Hands down the most popular intermittent fasting plan is called the 16:8. It means you fast for 16 hours and eat during the remaining 8 hours of your day.
The best part is that you can start your 8-hour window anytime you want. For example, you can try skipping breakfast and only eating lunch and dinner. Need your breakfast? No problem, just skip your dinner instead. Experiment with different windows until you figure out what works well for your lifestyle and personality, and what makes you feel physically at your best.
What should I eat?
Because intermittent fasting plans are purely concerned with WHEN you eat, it’s easy to get confused about WHAT you should be eating during your eating window. Technically, intermittent fasting has no rules about this. You’ll find many intermittent fasting guides that tell you to eat whatever you want.
That being said, it’s common sense that the benefits you reap from fasting will be limited by your food choices while eating.
If you happen to be following a Ketogenic (“Keto”) diet or have been considering one, it actually compliments intermittent fasting very well. You can read more about combining the two above.
What should I drink?
During your fasting window, you need to refrain from consuming any food or beverages that contain calories. So….. no food. But you have several beverage options, and these are important because it is critical to keep yourself hydrated while fasting.

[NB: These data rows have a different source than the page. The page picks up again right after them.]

(* Let $n\in\{5,6,7\}$. The spanning subgraph $H$ of $P_n$ whose edges are those given by the prefix-reversals $r_4$ and $r_5$ is a disjoint union of $10$-cycles. Each such cycle consists of permutations of the same parity. Consequently, $P_n$ has an equitable proper $4$-coloring in which every color class has exactly $n!/4$ vertices. This coloring is obtained by properly $2$-coloring the cycles of $H$ consisting of even permutations with two colors, and the cycles consisting of odd permutations with two other colors.
   Context: For $n\geqslant 1$, the Pancake graph $P_n$ is the Cayley graph on the symmetric group $\mathrm{Sym}_n$, with permutations written in one-line notation $\pi=[\pi_1\pi_2\ldots\pi_n]$. Its generating set consists of the prefix-reversals $r_i$, $2\leqslant i\leqslant n$. Multiplying $\pi$ on the right by $r_i$ reverses the first $i$ entries: $\pi r_i=[\pi_i\pi_{i-1}\ldots\pi_1\pi_{i+1}\ldots\pi_n]$. Two vertices $\pi,\sigma$ are adjacent iff $\sigma=\pi r_i$ for some $2\leqslant i\leqslant n$. A proper coloring is equitable if the sizes of any two color classes differ by at most one. *)

From mathcomp Require Import all_boot all_order all_fingroup.
Set Implicit Arguments. Unset Strict Implicit. Unset Printing Implicit Defensive.

(* Positions are 0-based: a permutation pi : 'S_n in one-line notation is
   [pi 0, pi 1, ..., pi (n-1)].  The prefix reversal r_i sends position j
   to position i-1-j for j < i and fixes the others. *)
Definition revn (i j : nat) : nat := if j < i then i.-1 - j else j.

Definition rev_pos (n i : nat) (j : 'I_n) : 'I_n := insubd j (revn i j).

(* sigma = pi r_i  (pi r_i)(j) = pi (r_i j), i.e. reversing the first i entries *)
Definition is_flip (n i : nat) (pi sigma : 'S_n) : bool :=
  [forall j : 'I_n, sigma j == pi (@rev_pos n i j)].

Definition pancake_adj (n : nat) : rel 'S_n :=
  fun pi sigma => [exists i : 'I_n.+1, (2 <= i) && is_flip i pi sigma].

Definition H45_adj (n : nat) : rel 'S_n :=
  fun pi sigma => is_flip 4 pi sigma || is_flip 5 pi sigma.
(* Let $k$ be a field, $G$ an ordered abelian group, $K=k((G))$ with canonical valuation $v$, and $D$ a derivation on $K$ whose field of constants is $k$, such that $v$ is a differential valuation with respect to $D$. Let $S\subseteq K$ be the additive subgroup of power series without constant term (i.e. $c_0=0$). If $(K,D)$ admits asymptotic integration, then for every $b\in K$ there is a unique $s\in S$ with $Ds=b$; that is, $D|_S:S\to K$ is a bijective additive map.
   Context: For a field $k$ and ordered abelian group $G$, $k((G))$ is the field of formal sums $a=\sum_{g\in G}c_gt^g$ with $c_g\in k$ and well-ordered support $\mathrm{supp}(a)=\{g\mid c_g\neq0\}$; its canonical valuation is $va=\min\mathrm{supp}(a)$, $v0=\infty$. A derivation $D$ on a field $K$ is an additive map with $D(ab)=aDb+bDa$; its field of constants is $C=\{a\in K\mid Da=0\}$. A valuation $v$ of $K$ is a differential valuation (for $D$) if $v$ is trivial on $C$ and for all $a,b\in K$ with $va\ge0$, $vb>0$, $b\ne0$ one has $v\!\left(\frac{b\,Da}{Db}\right)>0$. $(K,D)$ admits asymptotic integration if for every $b\in K\setminus\{0\}$ there is $a\in K$ with $v(b-Da)>vb$. *)

From HB Require Import structures.
From mathcomp Require Import all_boot all_order all_algebra.
From mathcomp Require Import boolp classical_sets fsbigop.
Set Implicit Arguments. Unset Strict Implicit. Unset Printing Implicit Defensive.
Import Order.TTheory GRing.Theory Num.Theory.
Local Open Scope classical_set_scope.
Local Open Scope ring_scope.

Record ordered_abelian_group (G : zmodType) (le : rel G) : Prop := {
  oag_refl : forall x, le x x;
  oag_antisym : forall x y, le x y -> le y x -> x = y;
  oag_trans : forall x y z, le x y -> le y z -> le x z;
  oag_total : forall x y, le x y \/ le y x;
  oag_add : forall x y z, le x y -> le (x + z) (y + z)
}.

Section Hahn.
Variables (k : fieldType) (G : zmodType) (le : rel G).

Definition glt (x y : G) : Prop := le x y /\ x <> y.

Definition supp (a : G -> k) : set G := [set g | a g <> 0].

Definition well_ordered (A : set G) : Prop :=
  forall B, B `<=` A -> B !=set0 -> exists2 m, B m & forall x, B x -> le m x.

(* elements of k((G)) *)
Definition hahn (a : G -> k) : Prop := well_ordered (supp a).

Definition hzero : G -> k := fun _ => 0.
Definition hadd (a b : G -> k) : G -> k := fun g => a g + b g.
Definition hopp (a : G -> k) : G -> k := fun g => - a g.
(* Cauchy product: (ab)_g = sum_{h+h'=g} a_h b_h' (a finite sum for
   Hahn series) *)
Definition hmul (a b : G -> k) : G -> k :=
  fun g => \sum_(h \in supp a) (a h * b (g - h)).
Definition hconst (c : k) : G -> k := fun g => if g == 0 then c else 0.

(* canonical valuation: [is_val a g] means a <> 0 and v a = g *)
Definition is_val (a : G -> k) (g : G) : Prop :=
  a g <> 0 /\ forall h, a h <> 0 -> le g h.
(* v a > g (true in particular when a = 0, v 0 = oo) *)
Definition val_gt (a : G -> k) (g : G) : Prop := forall h, a h <> 0 -> glt g h.
Definition val_ge (a : G -> k) (g : G) : Prop := forall h, a h <> 0 -> le g h.

Definition derivation (D : (G -> k) -> (G -> k)) : Prop :=
  (forall a, hahn a -> hahn (D a)) /\
  (forall a b, hahn a -> hahn b -> D (hadd a b) = hadd (D a) (D b)) /\
  (forall a b, hahn a -> hahn b ->
     D (hmul a b) = hadd (hmul a (D b)) (hmul b (D a))).

Definition constants_are_k (D : (G -> k) -> (G -> k)) : Prop :=
  forall a, hahn a -> (D a = hzero <-> exists c : k, a = hconst c).

(* v is a differential valuation for D:
   v trivial on the constants, and for va >= 0, vb > 0, b <> 0:
   v(b Da / Db) > 0, i.e. v(b Da) > v(Db). *)
Definition differential_valuation (D : (G -> k) -> (G -> k)) : Prop :=
  (forall a, hahn a -> D a = hzero -> a <> hzero -> is_val a 0) /\
  (forall a b, hahn a -> hahn b -> val_ge a 0 -> val_gt b 0 -> b <> hzero ->
     forall g, is_val (D b) g -> val_gt (hmul b (D a)) g).

Definition asymptotic_integration (D : (G -> k) -> (G -> k)) : Prop :=
  forall b, hahn b -> b <> hzero ->
    exists2 a, hahn a & forall g, is_val b g -> val_gt (hadd b (hopp (D a))) g.

Definition no_const_term (s : G -> k) : Prop := hahn s /\ s 0 = 0.

End Hahn.

From mathcomp Require Import all_boot all_algebra.
From mathcomp Require Import boolp classical_sets fsbigop.
From mathcomp Require Import ring.
Set Implicit Arguments. Unset Strict Implicit. Unset Printing Implicit Defensive.
Import GRing.Theory.
Local Open Scope classical_set_scope.
Local Open Scope ring_scope.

Further above, we’ve got a quick-start guide to the drinks that can help your fasting journey.
Won’t I be tired while fasting?
This super common concern about fasting has actually been disproven time and time again.
Because intermittent fasting provides your body with more breaks from the digestive process, it will actually give you more energy and boost your productivity.
Isn’t fasting bad for my metabolism?
Quite the opposite! Long-term starvation diets can certainly harm your metabolism, but an intermittent fasting schedule can actually help to boost the metabolism. (20) And while many weight loss programs result in loss of lean muscle mass, intermittent fasting only targets your stored fat, so you get to preserve all your muscle tissue, which is so critical in keeping your metabolism humming along. (10)
I’m terrible at diets, how do I stick with this one?
You’re not alone. But people who try intermittent fasting overwhelmingly discover that it is surprisingly easy to implement. The main reason diets fail is because behavior change is hard.
But with this, there’s only one rule to follow, and there’s zero advance planning.
In other words, it’s simple enough that you’ll actually be able to keep it up! There’s even scientific research indicating that “subjects quickly adapt” to an intermittent fasting plan, making it a highly effective technique. (21)
Is intermittent fasting really for everyone?
If you are a woman, it’s possible that intermittent fasting may affect you differently. In general, it seems that women tend to respond better to using a schedule that has a wider eating window. For example, some women have noticed increased health benefits by using a 10-hour eating window with a 14-hour fast, instead of the 16:8 plan popularized by male bodybuilders. You can read more in-depth information about intermittent fasting for women above.
As with any diet or exercise plan, we recommend trying different options and listening to your body to see what works best for YOU and supports your overall health. There’s a fantastic all-female intermittent fasting Facebook group here for you to check out if you’d like to connect with other women about their experiences.
Also, if you are diabetic, hypoglycemic, have any issues with blood sugar regulation, are pregnant or breast-feeding, or have a history of an eating disorder, intermittent fasting may not be for you. You should talk to your doctor before making changes to your eating schedule.